= Niyazi Serdar Sarıçiftçi =

Turkish physicist

Niyazi Serdar Sarıçiftçi (born 1961 in Konya, Turkey) is a Turkish-Austrian physicist. He is a professor of physical chemistry at the Johannes Kepler University (JKU) Linz. There, he leads the Institut for Physical Chemistry as well as the Institut for Organic Solar Cells (LIOS).

== Life ==
Niyazi Serdar Sarıçiftçi graduated from the Austrian St. George's College in Istanbul. He also studied classical piano at the Music Conservatory in Istanbul (1970–1980).

Then he began studying physics at the University of Vienna (1980–1989). After obtaining the doctorate (1989), he conducted research on the 2nd Physical Institute of the University of Stuttgart, Germany (1989–1992). In 1992 he received the academic teaching license (venia docendi) by the Central Interuniversitary Commission (YÖK) in Ankara, Turkey. He then went to the Institute for Polymers & Organic Solids at the University of California, Santa Barbara, United States, where he worked between 1992 and 1996 and, together with Alan J. Heeger (Nobel Prize in Chemistry, 2000) discovered and investigated the polymeric organic solar cells. In April 1996, he accepted the appointment as Chair of Physical Chemistry at the Johannes Kepler University Linz.

Since 1996 he gives lectures as a full professor at the JKU and is the head of the Institute for Physical Chemistry. In 2000 he was appointed founding director of the Linz Institute for Organic Solar Cells (LIOS) at JKU. Between 2003 and 2009 he was elected to the City Council of the City of Linz (SPÖ Group).
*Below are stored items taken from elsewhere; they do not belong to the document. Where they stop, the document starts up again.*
(* Let $\mathcal{D}=\mathcal{P}_{\mathcal{D}}\cup\mathcal{L}_{\mathcal{D}}$ be a dominating set of the incidence graph of an arbitrary projective plane $\Pi_q$ of order $q$. Then $|\mathcal{D}|\geq q^2+q-(q-1)|\mathcal{P}_{\mathcal{D}}|$ and $|\mathcal{D}|\geq q^2+q-(q-1)|\mathcal{L}_{\mathcal{D}}|$. In particular, if $|\mathcal{D}|<3q-1$, then $|\mathcal{P}_{\mathcal{D}}|\geq q$ and $|\mathcal{L}_{\mathcal{D}}|\geq q$. *)

From mathcomp Require Import all_boot all_order all_algebra.
Set Implicit Arguments. Unset Strict Implicit. Unset Printing Implicit Defensive.

Definition collinear3 (P L : finType) (I : P -> L -> bool) (a b c : P) : Prop :=
  exists l : L, [&& I a l, I b l & I c l].

Definition projective_plane_of_order (P L : finType) (I : P -> L -> bool) (q : nat) : Prop :=
  (forall x y : P, x != y -> exists! l : L, I x l && I y l) /\
  (forall l m : L, l != m -> exists! x : P, I x l && I x m) /\
  (exists a b c d : P,
      [/\ uniq [:: a; b; c; d],
          ~ collinear3 I a b c, ~ collinear3 I a b d,
          ~ collinear3 I a c d & ~ collinear3 I b c d]) /\
  (forall l : L, #|[set x : P | I x l]| = q.+1).

(* D = PD ∪ LD is a dominating set of the incidence (bipartite) graph:
   every vertex outside D is adjacent to a vertex of D. *)
Definition dominating (P L : finType) (I : P -> L -> bool)
    (PD : {set P}) (LD : {set L}) : Prop :=
  (forall x : P, x \notin PD -> exists2 l, l \in LD & I x l) /\
  (forall l : L, l \notin LD -> exists2 x, x \in PD & I x l).

From mathcomp Require Import all_boot all_order all_algebra.
Set Implicit Arguments. Unset Strict Implicit. Unset Printing Implicit Defensive.
From mathcomp Require Import zify.
Import GRing.Theory Num.Theory.

(* Every line has q + 1 points, hence so does every pencil, and the plane has
   at least q^2 + q + 1 lines.  A line outside L_D contains a point of P_D,
   and the lines through the points of P_D number at most |P_D| q + 1, since
   any two such pencils share a line.  Hence q^2 + q <= |L_D| + q |P_D|, which
   is the first inequality; the second is its dual. *)

Lemma card_bigcup_le (J T : finType) (A : {set J}) (F : J -> {set T}) :
  #|\bigcup_(i in A) F i| <= \sum_(i in A) #|F i|.
Proof.
elim/big_rec2: _ => [|i n U _ IH]; first by rewrite cards0.
by rewrite (leq_trans (leq_card_setU _ _).1) ?leq_add2l.
Qed.

Lemma card_bigcup_disjoint (J T : finType) (A : {set J}) (F : J -> {set T}) :
  {in A &, forall i j, i != j -> [disjoint F i & F j]} ->
  #|\bigcup_(i in A) F i| = \sum_(i in A) #|F i|.
Proof.
move: {2}#|A| (erefl #|A|) => n; elim: n A => [|n IH] A cardA disjF.
  by move/eqP: cardA; rewrite cards_eq0 => /eqP ->; rewrite !big_set0 cards0.
have [a aA] : exists a, a \in A by apply/set0Pn; rewrite -card_gt0 cardA.
rewrite (big_setD1 a aA) (big_setD1 a aA) /= cardsU IH; last first.
- by move=> i j /setD1P[_ iA] /setD1P[_ jA]; apply: disjF.
- by move: cardA; rewrite (cardsD1 a) aA => -[].
suff -> : F a :&: \bigcup_(j in A :\ a) F j = set0 by rewrite cards0 subn0.
apply: disjoint_setI0; apply: bigcup_disjoint => j /setD1P[ja jA].
by apply: disjF => //; rewrite eq_sym.
Qed.

Lemma leq_card_inj_in (T T' : finType) (A : {set T}) (B : {set T'}) (f : T -> T') :
  {in A &, injective f} -> {in A, forall x, f x \in B} -> #|A| <= #|B|.
Proof.
move=> injf fAB; rewrite -(card_in_imset injf); apply: subset_leq_card.
by apply/subsetP => _ /imsetP[x xA ->]; exact: fAB.
Qed.

(* Self-dual except for the order condition, which is imposed on lines only. *)
Definition plane_of_order (P L : finType) (I : P -> L -> bool) (q : nat) :=
  [/\ forall x y, x != y -> exists! l, I x l && I y l,
      forall l m, l != m -> exists! x, I x l && I x m,
      forall l, #|[set x | I x l]| = q.+1,
      forall x, exists l, ~~ I x l &
      forall l, exists x, ~~ I x l].

Definition pencil (P L : finType) (I : P -> L -> bool) (x : P) : {set L} :=
  [set l | I x l].

Section Plane.

Variables (P L : finType) (I : P -> L -> bool) (q : nat).
Hypothesis plane : plane_of_order I q.

Lemma line_unique x y l m :
  x != y -> I x l -> I y l -> I x m -> I y m -> l = m.
Proof.
case: plane => join_uniq _ _ _ _ xy xl yl xm ym.
have [l0 [_ eq_l0]] := join_uniq x y xy.
by rewrite -(eq_l0 l) ?xl ?yl // -(eq_l0 m) ?xm ?ym.
Qed.

Lemma point_unique x y l m :
  l != m -> I x l -> I x m -> I y l -> I y m -> x = y.
Proof.
case: plane => _ meet_uniq _ _ _ lm xl xm yl ym.
have [x0 [_ eq_x0]] := meet_uniq l m lm.
by rewrite -(eq_x0 x) ?xl ?xm // -(eq_x0 y) ?yl ?ym.
Qed.

Definition join (d : L) (x y : P) : L := odflt d [pick l | I x l && I y l].

Definition meet (d : P) (l m : L) : P := odflt d [pick x | I x l && I x m].

Lemma join_incident d x y : x != y -> I x (join d x y) && I y (join d x y).
Proof.
move=> xy; rewrite /join; case: pickP => [l //|no_line].
by case: plane => join_uniq _ _ _ _; have [l [xyl _]] := join_uniq x y xy;
  rewrite no_line in xyl.
Qed.

Lemma meet_incident d l m : l != m -> I (meet d l m) l && I (meet d l m) m.
Proof.
move=> lm; rewrite /meet; case: pickP => [x //|no_point].
by case: plane => _ meet_uniq _ _ _; have [x [xlm _]] := meet_uniq l m lm;
  rewrite no_point in xlm.
Qed.

(* Projecting from a line [l] missing [x] identifies the pencil of [x] with
   the points of [l]. *)
Lemma card_pencil x : #|pencil I x| = q.+1.
Proof.
have [_ _ card_line missing _] := plane; have [l xl] := missing x.
have neq_l m : I x m -> m != l by move=> xm; apply: contraNneq xl => <-.
have neq_x y : I y l -> x != y by move=> yl; apply: contraNneq xl => ->.
apply/eqP; rewrite eqn_leq -(card_line l); apply/andP; split.
- apply: (@leq_card_inj_in _ _ _ _ (meet x ^~ l)) => [m1 m2|m]; rewrite !inE.
    move=> xm1 xm2 eq_meet.
    case/andP: (meet_incident x (neq_l _ xm1)) => m1y ly.
    case/andP: (meet_incident x (neq_l _ xm2)); rewrite -eq_meet => m2y _.
    by apply: (line_unique _ m1y xm1 m2y xm2); rewrite eq_sym neq_x.
  by move=> xm; case/andP: (meet_incident x (neq_l _ xm)).
- apply: (@leq_card_inj_in _ _ _ _ (join l x)) => [y1 y2|y]; rewrite !inE.
    move=> y1l y2l eq_join.
    case/andP: (join_incident l (neq_x _ y1l)) => xm y1m.
    case/andP: (join_incident l (neq_x _ y2l)); rewrite -eq_join => _ y2m.
    by apply: (point_unique (neq_l _ xm)).
  by move=> yl; case/andP: (join_incident l (neq_x _ yl)).
Qed.

Lemma card_points_ge (x : P) : q ^ 2 + q + 1 <= #|P|.
Proof.
have [_ _ card_line _ _] := plane.
pose rays := \bigcup_(m in pencil I x) ([set y | I y m] :\ x).
have x_rays : x \notin rays by apply/bigcupP => -[m _]; rewrite !inE eqxx.
have disj_rays : {in pencil I x &, forall m1 m2, m1 != m2 ->
    [disjoint [set y | I y m1] :\ x & [set y | I y m2] :\ x]}.
  move=> m1 m2; rewrite !inE => xm1 xm2 m12.
  rewrite -setI_eq0; apply/eqP/setP => y; rewrite !inE.
  apply/negbTE/negP => /andP[/andP[yx ym1] /andP[_ ym2]].
  by move/eqP: yx; apply; apply: (point_unique m12).
have card_ray m : m \in pencil I x -> #|[set y | I y m] :\ x| = q.
  by rewrite inE => xm; move: (card_line m); rewrite (cardsD1 x) inE xm => -[].
have := max_card (x |: rays).
rewrite cardsU1 x_rays card_bigcup_disjoint // (eq_bigr _ card_ray).
by rewrite sum_nat_const card_pencil; lia.
Qed.

(* Any line through a point [x] of [S] other than [x0] is either the line
   [x x0] or one of the [q] other lines of the pencil of [x]. *)
Lemma card_bigcup_pencil_le (S : {set P}) :
  #|\bigcup_(x in S) pencil I x| <= #|S| * q + 1.
Proof.
have [->|[x0 x0S]] := set_0Vmem S; first by rewrite big_set0 cards0.
have [_ _ _ missing _] := plane; have [d _] := missing x0.
pose others := \bigcup_(x in S :\ x0) (pencil I x :\ join d x x0).
have sub : \bigcup_(x in S) pencil I x \subset pencil I x0 :|: others.
  apply/subsetP => l /bigcupP[x xS]; rewrite !inE => xl.
  have [<-|xx0] := eqVneq x x0; first by rewrite xl.
  case/andP: (join_incident d xx0) => _ x0j.
  have [->|lj] := eqVneq l (join d x x0); first by rewrite x0j.
  by apply/orP; right; apply/bigcupP; exists x; rewrite !inE ?xx0 ?lj.
have card_other x : x \in S :\ x0 -> #|pencil I x :\ join d x x0| = q.
  rewrite !inE => /andP[xx0 _]; move: (card_pencil x).
  by rewrite (cardsD1 (join d x x0)) inE; case/andP: (join_incident d xx0) => -> _ [].
apply: (leq_trans (subset_leq_card sub)).
apply: (leq_trans (leq_card_setU _ _).1).
rewrite card_pencil; apply: (@leq_trans (q.+1 + #|S :\ x0| * q)).
  by rewrite leq_add2l (leq_trans (card_bigcup_le _ _)) // (eq_bigr _ card_other)
    sum_nat_const.
by rewrite [#|S|](cardsD1 x0) x0S; lia.
Qed.

End Plane.

Lemma plane_dual (P L : finType) (I : P -> L -> bool) q :
  plane_of_order I q -> plane_of_order (fun l x => I x l) q.
Proof.
move=> plane; have [? ? _ ? ?] := plane.
by split => // l; exact: card_pencil plane l.
Qed.

Lemma card_lines_ge (P L : finType) (I : P -> L -> bool) q (l : L) :
  plane_of_order I q -> q ^ 2 + q + 1 <= #|L|.
Proof. by move/plane_dual/card_points_ge; apply. Qed.

Lemma dominated_lines_ge (P L : finType) (I : P -> L -> bool) q (l0 : L)
    (PD : {set P}) (LD : {set L}) :
  plane_of_order I q ->
  (forall l, l \notin LD -> exists2 x, x \in PD & I x l) ->
  q ^ 2 + q <= #|LD| + #|PD| * q.
Proof.
move=> plane dom.
have sub : ~: LD \subset \bigcup_(x in PD) pencil I x.
  apply/subsetP => l; rewrite inE => /dom[x xPD xl].
  by apply/bigcupP; exists x; rewrite ?inE.
have := leq_trans (subset_leq_card sub) (card_bigcup_pencil_le plane PD).
have := card_lines_ge l0 plane; have := cardsC LD; lia.
Qed.

Lemma plane_of_projective_plane (P L : finType) (I : P -> L -> bool) q :
  projective_plane_of_order I q -> plane_of_order I q.
Proof.
case=> join_uniq [meet_uniq [[a [b [c [d [abcd nabc _ _ _]]]]] card_line]].
have ab : a != b by apply: contraTneq abcd => ->; rewrite /= inE eqxx.
have ac : a != c by apply: contraTneq abcd => ->; rewrite /= !inE eqxx orbT.
have bc : b != c by apply: contraTneq abcd => ->; rewrite /= !inE eqxx /= ?orbT ?andbF.
have join_ex x y : x != y -> exists l, I x l && I y l.
  by move=> xy; have [l [? _]] := join_uniq x y xy; exists l.
split => // [x|l].
- have [lab /andP[al bl]] := join_ex a b ab.
  have [lac /andP[al' cl]] := join_ex a c ac.
  have [lbc /andP[bl' cl']] := join_ex b c bc.
  have [->|xa] := eqVneq x a.
    by exists lbc; apply/negP => al''; apply: nabc; exists lbc; rewrite al'' bl' cl'.
  have [xlab|] := boolP (I x lab); last by exists lab.
  have [xlac|] := boolP (I x lac); last by exists lac.
  have [j [_ eq_j]] := join_uniq x a xa.
  have lab_lac : lab = lac by rewrite -(eq_j lab) ?xlab ?al // (eq_j lac) ?xlac.
  by exfalso; apply: nabc; exists lab; rewrite al bl lab_lac cl.
- have [al|] := boolP (I a l); last by exists a.
  have [bl|] := boolP (I b l); last by exists b.
  have [cl|] := boolP (I c l); last by exists c.
  by exfalso; apply: nabc; exists l; rewrite al bl cl.
Qed.

Lemma domination_int_bound (q k m : nat) :
  q ^ 2 + q <= m + k * q -> ((k + m)%:Z >= (q ^ 2 + q)%:Z - (q%:Z - 1) * k%:Z)%R.
Proof. by move=> ?; nia. Qed.

Lemma order_le_of_small_domination (q k m : nat) :
  q ^ 2 + q <= m + k * q -> k + m < 3 * q - 1 -> q <= k.
Proof. by move=> ? ?; nia. Qed.

Theorem proposition2 (P L : finType) (I : P -> L -> bool) (q : nat)
  (hPi : projective_plane_of_order I q)
  (PD : {set P}) (LD : {set L}) (hD : dominating I PD LD) :
  [/\ ((#|PD| + #|LD|)%:Z >= (q ^ 2 + q)%:Z - (q%:Z - 1) * #|PD|%:Z)%R,
      ((#|PD| + #|LD|)%:Z >= (q ^ 2 + q)%:Z - (q%:Z - 1) * #|LD|%:Z)%R &
      (#|PD| + #|LD| < 3 * q - 1)%N -> (q <= #|PD|)%N /\ (q <= #|LD|)%N].
Proof.
have plane := plane_of_projective_plane hPi.
have [_ [_ [[a _] _]]] := hPi.
have [_ _ _ missing _] := plane; have [l0 _] := missing a.
have [domP domL] := hD.
have boundP := dominated_lines_ge l0 plane domL.
have boundL := dominated_lines_ge a (plane_dual plane) domP.
split; first exact: domination_int_bound boundP.
  by rewrite [(#|PD| + _)%N]addnC; exact: domination_int_bound boundL.
move=> small; split; first exact: order_le_of_small_domination boundP small.
by apply: (order_le_of_small_domination boundL); rewrite addnC.
Qed.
Furthermore, Sarıçiftçi is a founding member of the Linz Circle. He is also a member of various associations and societies: Fellow of the Royal Society of Chemistry (FRSC), American Chemical Society (ACS), Materials Research Society (MRS), Austrian Physical Society (ÖPG), Austrian Chemical Society (GÖCH) and Fellow of SPIE. 2014, he was elected a corresponding member of the Austrian Academy of Sciences (AAS).

== Work and research priorities ==
Sarıçiftçi specializes in the field of organic semiconductors and their applications. In particular, he has worked in the field of organic solar cells. Chemical energy storage of solar energy by means of CO_{2} recycling.

== Awards ==
- Selcuk Yasar Prize of Yasar University in Izmir (2020)
- TUBA Prize of the Turkish Academy of Sciences (2015)
- Wittgenstein-Preis (2012)
- Honorary doctorate awarded by the University of Bucharest in Romania (2012)
- Honorary doctorate awarded by the Åbo Akademi in Finland (2011)
- Kardinal-Innitzer Award (2010)
- Humanity Medal of the City of Linz (2010)
- Austrians of 2008, category Education (ORF and Die Presse)
- Turkish National Science Prize (TUBITAK Bilim Ödülü) 2006
- ENERGY GLOBE Upper Austria 2003, sponsored by the OÖN

== Publications ==
Sarıçiftçi has published more than 600 scientific publications in scientific journals, with an h-index above >130. He is one of the most cited scientists in his field. In a global ranking of the best materials scientists Sarıçiftçi was classified as 14th.